──────── Records shown ────────

Theorem mainTheorem12 (u v : nat)
  (hu : (2 <= u)%N) (hv : (2 <= v)%N) (huv : coprime u v) (hlt : (u < 2 * v)%N) :
  (* dim V_k <= |B_k| : V_k lies in the span of |B_k| series *)
  (exists g : 'I_(card_Bk u v) -> qser,
     forall (mu : int) (r : nat),
       (1 <= r <= u - 1)%N -> (2 %| mu - (r%:Z - 1))%Z ->
       exists c : 'I_(card_Bk u v) -> algC,
         Gamma u v mu r = (fun e => \sum_i c i * g i e))
  /\ (card_Bk u v)%:R =
       (if odd u then (u%:R - 1) * (ww u v + 1) / 4
        else u%:R * ww u v / 4 - (v%:R - 1 - u%:R) / 2 :> rat).
Proof.
have u_gt0 : (0 < u)%N := ltnW hu.
split; last exact: card_BkE u_gt0 huv hlt.
pose p i := nth (0, 0) (Bk_list u v) i.
exists (fun i => Gamma u v (p i).1 `|(p i).2|%N) => mu r hr hpar.
have [m [r' [m_r'_in mult]]] := Gamma_reduce_Bk (ltnW hv) hlt hr hpar.
have mem : (m, r'%:Z) \in Bk_list u v by rewrite mem_Bk_list ?u_gt0.
have i_lt : (index (m, r'%:Z) (Bk_list u v) < card_Bk u v)%N by rewrite index_mem.
apply: (is_multiple_span (i := Ordinal i_lt)).
by rewrite /p /= nth_index.
Qed.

────────

Work required:
Respond with the exact lines running from the one that contains "apply: (is_multiple_span (i" through the last line of the data above, and no other lines.

Response to this task:
apply: (is_multiple_span (i := Ordinal i_lt)).
by rewrite /p /= nth_index.
Qed.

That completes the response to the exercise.